- What is needed -
Output each line of the data word for word, from the first through the line that holds "rewrite -card_kclauses -[X", and leave off whatever follows.

- Dataset entries -
Lemma card_kclauses n k :
  #|[set c : clause n | #|c.1| == k]| = ('C(n, k) * 2 ^ n)%N.
Proof.
by rewrite (card_clauses_with_support (fun K => #|K| == k)) card_draws card_ord.
Qed.

Lemma card_kclauses_missing n k (S : {set 'I_n}) :
  #|[set c : clause n | (#|c.1| == k) && misses c S]| = ('C(n - #|S|, k) * 2 ^ n)%N.
Proof.
rewrite (card_clauses_with_support (fun K => (#|K| == k) && (K \subset ~: S))).
rewrite (eq_card (B := [set K : {set 'I_n} | K \subset ~: S & #|K| == k])).
  by rewrite cards_draws cardsCs setCK card_ord.
by move=> K; rewrite !inE andbC.
Qed.

Lemma card_valid n m k :
  #|[set w : outcome n m | valid k w]| = (('C(n, k) * 2 ^ n) ^ m)%N.
Proof.
rewrite -card_kclauses -[X in (_ ^ X)%N]card_ord -card_ffun_on.
apply: eq_card => w; rewrite inE; apply/forallP/ffun_onP => H i.
  by rewrite inE; apply: H.
by have := H i; rewrite inE.
Qed.

(* Probability that a uniformly random k-clause misses a fixed set of
   s variables, i.e. that its support avoids it. *)
Definition miss_prob (n k s : nat) : R := INR 'C(n - s, k) / INR 'C(n, k).

Lemma miss_prob_bounds n k s : (k <= n)%N -> 0 <= miss_prob n k s <= 1.
Proof.
move=> kn; have C0 : 0 < INR 'C(n, k).
  by apply/lt_0_INR/ssrnat.ltP; rewrite bin_gt0.
have C1 : INR 'C(n - s, k) <= INR 'C(n, k).
  by apply/le_INR/ssrnat.leP/leq_bin2l/leq_subr.
rewrite /miss_prob; split.
  by apply: Rmult_le_pos; [exact: pos_INR | exact/Rlt_le/Rinv_0_lt_compat].
apply: (Rmult_le_reg_r (INR 'C(n, k))) => //.
by rewrite /Rdiv Rmult_assoc Rinv_l ?Rmult_1_r ?Rmult_1_l //; lra.
Qed.

Lemma INR_expn a b : INR (a ^ b)%N = INR a ^ b.
Proof. by elim: b => [|b IH] //; rewrite expnS mult_INR IH. Qed.

Lemma exp_mono x y : x <= y -> exp x <= exp y.
Proof. by case/Rle_lt_or_eq => [/exp_increasing/Rlt_le|->] //; apply: Rle_refl. Qed.

Lemma exp_mul_INR (ell : R) (j : nat) : exp (ell * INR j) = exp ell ^ j.
Proof.
elim: j => [|j IH]; first by rewrite /= Rmult_0_r exp_0.
by rewrite S_INR Rmult_plus_distr_l Rmult_1_r exp_plus IH /= Rmult_comm.
Qed.

(* Exponential moment of m_S: the m clauses are independent, and each one
   misses S for exactly #(k-clauses missing S) of the #(k-clauses) choices. *)
Lemma mgf_mS n m k (S : {set 'I_n}) (lam : R) :
  (\sum_(w : outcome n m | valid k w) lam ^+ mS w S =
   (#|[set c : clause n | #|c.1| == k]|%:R +
    #|[set c : clause n | (#|c.1| == k) && misses c S]|%:R * (lam - 1)) ^+ m)%R.
Proof.
by rewrite !cardsE -sum_weight_split -sum_pow_count.
Qed.

(* Markov's inequality for [exp (ell * m_S)], evaluated with [mgf_mS]. *)
Lemma exp_moment_markov n m k (S : {set 'I_n}) (E : pred (outcome n m)) (ell x : R) :
  (forall w, valid k w -> E w -> ell * x <= ell * INR (mS w S)) ->
  INR #|[set w | valid k w && E w]| * exp (ell * x) <=
  (INR #|[set c : clause n | #|c.1| == k]| +
   INR #|[set c : clause n | (#|c.1| == k) && misses c S]| * (exp ell - 1)) ^ m.
Proof.
move=> HE; rewrite !INRE RpowE; apply/RleP; rewrite -mgf_mS.
apply: le_trans (markov_count _ (fun w => valid k w) E
                   (fun w => exp (ell * INR (mS w S))) _ _ _) _.
- by move=> w _; apply/RleP/Rlt_le/exp_pos.
- by move=> w Vw Ew; apply/RleP/exp_mono; apply: HE.
- rewrite le_eqVlt; apply/orP; left; apply/eqP.
  by apply: eq_bigr => w _; rewrite exp_mul_INR RpowE.
Qed.

(* Chernoff's bound for m_S, for an arbitrary exponent [ell] and any event
   [E] on which [ell * m_S >= ell * x]; uses [1 + a <= exp a]. *)
Lemma chernoff_count n m k (S : {set 'I_n}) (E : pred (outcome n m)) (ell x : R) :
  (k <= n)%N ->
  (forall w, valid k w -> E w -> ell * x <= ell * INR (mS w S)) ->
  INR #|[set w | valid k w && E w]| <=
  INR #|[set w : outcome n m | valid k w]| *
    exp (miss_prob n k #|S| * INR m * (exp ell - 1) - ell * x).
Proof.
move=> kn HE; have [q0 q1] := miss_prob_bounds n k #|S| kn.
set q := miss_prob n k #|S| in q0 q1 *.
set N := INR ('C(n, k) * 2 ^ n).
have N0 : 0 < N.
  rewrite /N mult_INR; apply: Rmult_lt_0_compat; apply/lt_0_INR/ssrnat.ltP.
    by rewrite bin_gt0.
  by rewrite expn_gt0.
have markov := exp_moment_markov n m k S E ell x HE.
rewrite card_kclauses card_kclauses_missing -/N in markov.
have Nq : INR ('C(n - #|S|, k) * 2 ^ n) = N * q.
  rewrite /N /q /miss_prob !mult_INR; field.
  by apply/not_0_INR/eqP; rewrite -lt0n bin_gt0.
rewrite Nq in markov.
have power : (N + N * q * (exp ell - 1)) ^ m <=
             N ^ m * exp (q * INR m * (exp ell - 1)).
  have -> : N + N * q * (exp ell - 1) = N * (1 + q * (exp ell - 1)) by ring.
  rewrite Rpow_mult_distr; apply: Rmult_le_compat_l; first exact/pow_le/Rlt_le.
  have -> : q * INR m * (exp ell - 1) = q * (exp ell - 1) * INR m by ring.
  rewrite exp_mul_INR; apply: pow_incr; split; last exact: exp_ineq1_le.
  by have := exp_pos ell; nra.
rewrite card_valid INR_expn -/N /Rminus exp_plus exp_Ropp -Rmult_assoc.
apply: (Rmult_le_reg_r (exp (ell * x))); first exact: exp_pos.
rewrite Rmult_assoc Rinv_l ?Rmult_1_r; last exact/Rgt_not_eq/exp_pos.
exact: Rle_trans markov power.
Qed.

(* Lower bound on the logarithm, from [1 + y <= exp y] at [y = ln (1/x)]. *)
Lemma ln_lower x : 0 < x -> 1 - / x <= ln x.
Proof.
move=> x0; have := exp_ineq1_le (ln (/ x)).
by rewrite exp_ln ?ln_Rinv //; [lra | exact: Rinv_0_lt_compat].
Qed.

(* Optimised Chernoff exponents: with [ell = ln (1 + eta/2)] (upper tail)
   and [ell = ln (1 - eta/2)] (lower tail) the exponent of
   [chernoff_count] at [x = (1 +- eta) mu] is at most [- eta^2 mu / 6]. *)
Lemma upper_exponent (mu eta : R) : 0 <= mu -> 0 < eta <= 1 ->
  mu * (eta / 2) - ln (1 + eta / 2) * ((1 + eta) * mu) <= - (eta ^ 2 / 6) * mu.
Proof.
move=> mu0 [e0 e1]; set r := eta / (2 + eta).
have r_ln : r <= ln (1 + eta / 2).
  have -> : r = 1 - / (1 + eta / 2) by rewrite /r; field; lra.
  by apply: ln_lower; lra.
have r_lo : eta / 2 + eta ^ 2 / 6 <= (1 + eta) * r.
  have re : r * (2 + eta) = eta by rewrite /r; field; lra.
  apply: (Rmult_le_reg_r (2 + eta)); first lra.
  rewrite Rmult_assoc re; nra.
have := Rmult_le_compat_l _ _ _ mu0 r_lo.
have := Rmult_le_compat_l ((1 + eta) * mu) _ _ ltac:(nra) r_ln.
nra.
Qed.

Lemma lower_exponent (mu eta : R) : 0 <= mu -> 0 < eta <= 1 ->
  mu * (- (eta / 2)) - ln (1 - eta / 2) * ((1 - eta) * mu) <= - (eta ^ 2 / 6) * mu.
Proof.
move=> mu0 [e0 e1]; set r := eta / (2 - eta).
have r_ln : - r <= ln (1 - eta / 2).
  have -> : - r = 1 - / (1 - eta / 2) by rewrite /r; field; lra.
  by apply: ln_lower; lra.
have r_hi : (1 - eta) * r <= eta / 2 - eta ^ 2 / 6.
  have re : r * (2 - eta) = eta by rewrite /r; field; lra.
  apply: (Rmult_le_reg_r (2 - eta)); first lra.
  rewrite Rmult_assoc re; nra.
have := Rmult_le_compat_l _ _ _ mu0 r_hi.
have := Rmult_le_compat_l ((1 - eta) * mu) _ _ ltac:(nra) r_ln.
nra.
Qed.

Section Tails.
Variables (n m k : nat) (S : {set 'I_n}) (eta : R).
Hypotheses (kn : (k <= n)%N) (eta_pos : 0 < eta) (eta_le1 : eta <= 1).

Let mu := miss_prob n k #|S| * INR m.

Let mu_ge0 : 0 <= mu.
Proof. by apply: Rmult_le_pos; [case: (miss_prob_bounds n k #|S| kn) | apply: pos_INR]. Qed.

Let V := INR #|[set w : outcome n m | valid k w]|.

Lemma upper_tail :
  INR #|[set w : outcome n m | valid k w && Rleb ((1 + eta) * mu) (INR (mS w S))]| <=
  V * exp (- (eta ^ 2 / 6) * mu).
Proof.
apply: Rle_trans (chernoff_count n m k S
    (fun w => Rleb ((1 + eta) * mu) (INR (mS w S)))
    (ln (1 + eta / 2)) ((1 + eta) * mu) kn _) _.
  move=> w _ /RlebP; apply: Rmult_le_compat_l.
  by rewrite -ln_1; apply/Rlt_le/ln_increasing; lra.
apply/Rmult_le_compat_l/exp_mono; first exact: pos_INR.
rewrite exp_ln; last lra.
have := upper_exponent _ _ mu_ge0 (conj eta_pos eta_le1); rewrite /mu; lra.
Qed.

Lemma lower_tail :
  INR #|[set w : outcome n m | valid k w && Rleb (INR (mS w S)) ((1 - eta) * mu)]| <=
  V * exp (- (eta ^ 2 / 6) * mu).
Proof.
apply: Rle_trans (chernoff_count n m k S
    (fun w => Rleb (INR (mS w S)) ((1 - eta) * mu))
    (ln (1 - eta / 2)) ((1 - eta) * mu) kn _) _.
  move=> w _ /RlebP; apply: Rmult_le_compat_neg_l.
  by rewrite -ln_1; apply/Rlt_le/ln_increasing; lra.
apply/Rmult_le_compat_l/exp_mono; first exact: pos_INR.
rewrite exp_ln; last lra.
have := lower_exponent _ _ mu_ge0 (conj eta_pos eta_le1); rewrite /mu; lra.
Qed.

End Tails.

Lemma close_of_not_tails (x mu P eta zeta : R) :
  0 < eta <= 1/3 -> 3 * eta <= zeta -> Rabs (mu - P) <= eta * P ->
  ~ (1 + eta) * mu <= x -> ~ x <= (1 - eta) * mu ->
  Rabs (x - P) <= zeta * P.
Proof.
move=> [e0 e1] ez muP /Rnot_le_lt up /Rnot_le_lt lo.
have P0 : 0 <= P by have := Rabs_pos (mu - P); nra.
have := Rle_abs (mu - P); have := Rle_abs (- (mu - P)); rewrite Rabs_Ropp => ? ?.
apply: Rabs_le; split; nra.
Qed.

Lemma card_bigcup_le (I T : finType) (P : pred I) (A : I -> {set T}) :
  (#|\bigcup_(i | P i) A i| <= \sum_(i | P i) #|A i|)%N.
Proof.
elim/big_rec2: _ => [|i n U _ le]; first by rewrite cards0.
by rewrite (leq_trans (leq_card_setU _ _).1) ?leq_add2l.
Qed.

Lemma card_ksets_le n s : INR #|[pred S : {set 'I_n} | #|S| == s]| <= 2 ^ n.
Proof.
have := le_INR _ _ (ssrnat.leP (max_card [pred S : {set 'I_n} | #|S| == s])).
by rewrite -cardsT -powersetT card_powerset cardsT card_ord INR_expn.
Qed.

Lemma good_event_RlebE x y : Defs.Rleb x y = Rleb x y.
Proof. by apply/idP/RlebP; rewrite /Defs.Rleb; case: Rle_dec. Qed.

Section UnionBound.
Variables (n m k s : nat) (p zeta eta : R).
Hypotheses (kn : (k <= n)%N) (eta_bounds : 0 < eta <= 1/3) (zeta_ge : 3 * eta <= zeta).

Let mu := miss_prob n k s * INR m.
Let P := p ^ k * INR m.
Hypothesis mean_close : Rabs (mu - P) <= eta * P.

Let V := INR #|[set w : outcome n m | valid k w]|.

Let deviation (S : {set 'I_n}) : {set outcome n m} :=
  [set w | valid k w && Rleb ((1 + eta) * mu) (INR (mS w S))] :|:
  [set w | valid k w && Rleb (INR (mS w S)) ((1 - eta) * mu)].

Lemma bad_sub_deviations :
  [set w : outcome n m | valid k w && ~~ good_event n m k s p zeta w]
  \subset \bigcup_(S : {set 'I_n} | #|S| == s) deviation S.
Proof.
apply/subsetP => w; rewrite inE => /andP[Vw /forallPn[S]].
rewrite negb_imply good_event_RlebE => /andP[HS /RlebP bad]; apply/bigcupP; exists S => //.
rewrite !inE Vw /=; apply/negPn/negP; rewrite negb_or => /andP[/RlebP up /RlebP lo].
exact: bad (close_of_not_tails _ _ _ _ _ eta_bounds zeta_ge mean_close up lo).
Qed.

Lemma card_deviation (S : {set 'I_n}) : #|S| = s ->
  INR #|deviation S| <= 2 * (V * exp (- (eta ^ 2 / 6) * mu)).
Proof.
move=> HS; have eta1 : eta <= 1 by case: eta_bounds => _; lra.
have eta0 : 0 < eta by case: eta_bounds.
apply: Rle_trans (le_INR _ _ (ssrnat.leP (leq_card_setU _ _).1)) _.
have := upper_tail n m k S eta kn eta0 eta1.
have := lower_tail n m k S eta kn eta0 eta1.
by rewrite plus_INR HS -/mu -/V; lra.
Qed.

Lemma bad_event_bound :
  INR #|[set w : outcome n m | valid k w && ~~ good_event n m k s p zeta w]| <=
  2 * 2 ^ n * (V * exp (- (eta ^ 2 / 6) * mu)).
Proof.
set c := 2 * (V * exp (- (eta ^ 2 / 6) * mu)).
have c0 : 0 <= c.
  by apply: Rmult_le_pos; [lra | apply/Rmult_le_pos/Rlt_le/exp_pos/pos_INR].
have cnt := leq_trans (subset_leq_card bad_sub_deviations) (card_bigcup_le _ _ _ _).
apply: Rle_trans (le_INR _ _ (ssrnat.leP cnt)) _.
have sum_le : (\sum_(S : {set 'I_n} | #|S| == s) #|deviation S|%:R <=
               \sum_(S : {set 'I_n} | #|S| == s) c)%R.
  by apply: ler_sum => S /eqP HS; apply/RleP; rewrite -INRE; apply: card_deviation.
rewrite INRE natr_sum; apply/RleP; apply: le_trans sum_le _; apply/RleP.
rewrite sumr_const -mulr_natr -INRE.
apply: Rle_trans (Rmult_le_compat_l _ _ _ c0 (card_ksets_le n s)) _.
by apply: Req_le; rewrite /c; ring.
Qed.

End UnionBound.

Section BinomialRatio.
Variables (n t k : nat).
Hypotheses (n_pos : (0 < n)%N) (t_le_n : (t <= n)%N) (k_le_t : (k <= t)%N).

Let N := INR n.
Let T := INR t.
Let K := INR k.

Lemma falling_factor_bounds (j : nat) : (j < k)%N ->
  (T - K) / N * (N - INR j) <= T - INR j <= T / N * (N - INR j).
Proof.
move=> jk; have N0 : 0 < N by apply/lt_0_INR/ssrnat.ltP.
have tnR : T <= N by apply/le_INR/ssrnat.leP.
have jkR : INR j <= K by apply/le_INR/ssrnat.leP/ltnW.
have ktR : K <= T by apply/le_INR/ssrnat.leP.
have j0 := pos_INR j.
split.
  apply: (Rmult_le_reg_r N) => //.
  have -> : (T - K) / N * (N - INR j) * N = (T - K) * (N - INR j) by field; lra.
  have := Rmult_le_pos (K - INR j) (N - T) ltac:(lra) ltac:(lra).
  have := Rmult_le_pos K (T - INR j) ltac:(lra) ltac:(lra).
  lra.
apply: (Rmult_le_reg_r N) => //.
have -> : T / N * (N - INR j) * N = T * (N - INR j) by field; lra.
have := Rmult_le_pos (INR j) (N - T) ltac:(lra) ltac:(lra).
lra.
Qed.

Lemma falling_ratio_bounds (j : nat) : (j <= k)%N ->
  ((T - K) / N) ^ j * INR (n ^_ j) <= INR (t ^_ j) <= (T / N) ^ j * INR (n ^_ j).
Proof.
have N0 : 0 < N by apply/lt_0_INR/ssrnat.ltP.
have ktR : K <= T by apply/le_INR/ssrnat.leP.
have L0 : 0 <= (T - K) / N.
  by apply: Rmult_le_pos; [lra | exact/Rlt_le/Rinv_0_lt_compat].
have U0 : 0 <= T / N by apply: Rmult_le_pos; [apply: pos_INR | exact/Rlt_le/Rinv_0_lt_compat].
elim: j => [|j IH] jk; first by rewrite /= !Rmult_1_l; split; apply: Rle_refl.
have jt : (j <= t)%N by apply: leq_trans (ltnW jk) k_le_t.
have jn : (j <= n)%N by apply: leq_trans jt t_le_n.
have [lo hi] := IH (ltnW jk); have [flo fhi] := falling_factor_bounds j jk.
have F0 := pos_INR (n ^_ j).
have jtR : INR j <= T by apply/le_INR/ssrnat.leP.
have jnR : INR j <= N by apply/le_INR/ssrnat.leP.
rewrite !ffactnSr !mult_INR !minus_INR -/N -/T; try exact/ssrnat.leP.
split.
- have -> : ((T - K) / N) ^ j.+1 * (INR (n ^_ j) * (N - INR j)) =
            (((T - K) / N) ^ j * INR (n ^_ j)) * ((T - K) / N * (N - INR j)).
    by rewrite /=; ring.
  apply: Rmult_le_compat => //.
    by apply: Rmult_le_pos => //; exact: pow_le.
  by apply: Rmult_le_pos => //; lra.
- have -> : (T / N) ^ j.+1 * (INR (n ^_ j) * (N - INR j)) =
            ((T / N) ^ j * INR (n ^_ j)) * (T / N * (N - INR j)) by rewrite /=; ring.
  by apply: Rmult_le_compat => //; [exact: pos_INR | lra].
Qed.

- Your solution -
Lemma card_kclauses n k :
  #|[set c : clause n | #|c.1| == k]| = ('C(n, k) * 2 ^ n)%N.
Proof.
by rewrite (card_clauses_with_support (fun K => #|K| == k)) card_draws card_ord.
Qed.

Lemma card_kclauses_missing n k (S : {set 'I_n}) :
  #|[set c : clause n | (#|c.1| == k) && misses c S]| = ('C(n - #|S|, k) * 2 ^ n)%N.
Proof.
rewrite (card_clauses_with_support (fun K => (#|K| == k) && (K \subset ~: S))).
rewrite (eq_card (B := [set K : {set 'I_n} | K \subset ~: S & #|K| == k])).
  by rewrite cards_draws cardsCs setCK card_ord.
by move=> K; rewrite !inE andbC.
Qed.

Lemma card_valid n m k :
  #|[set w : outcome n m | valid k w]| = (('C(n, k) * 2 ^ n) ^ m)%N.
Proof.
rewrite -card_kclauses -[X in (_ ^ X)%N]card_ord -card_ffun_on.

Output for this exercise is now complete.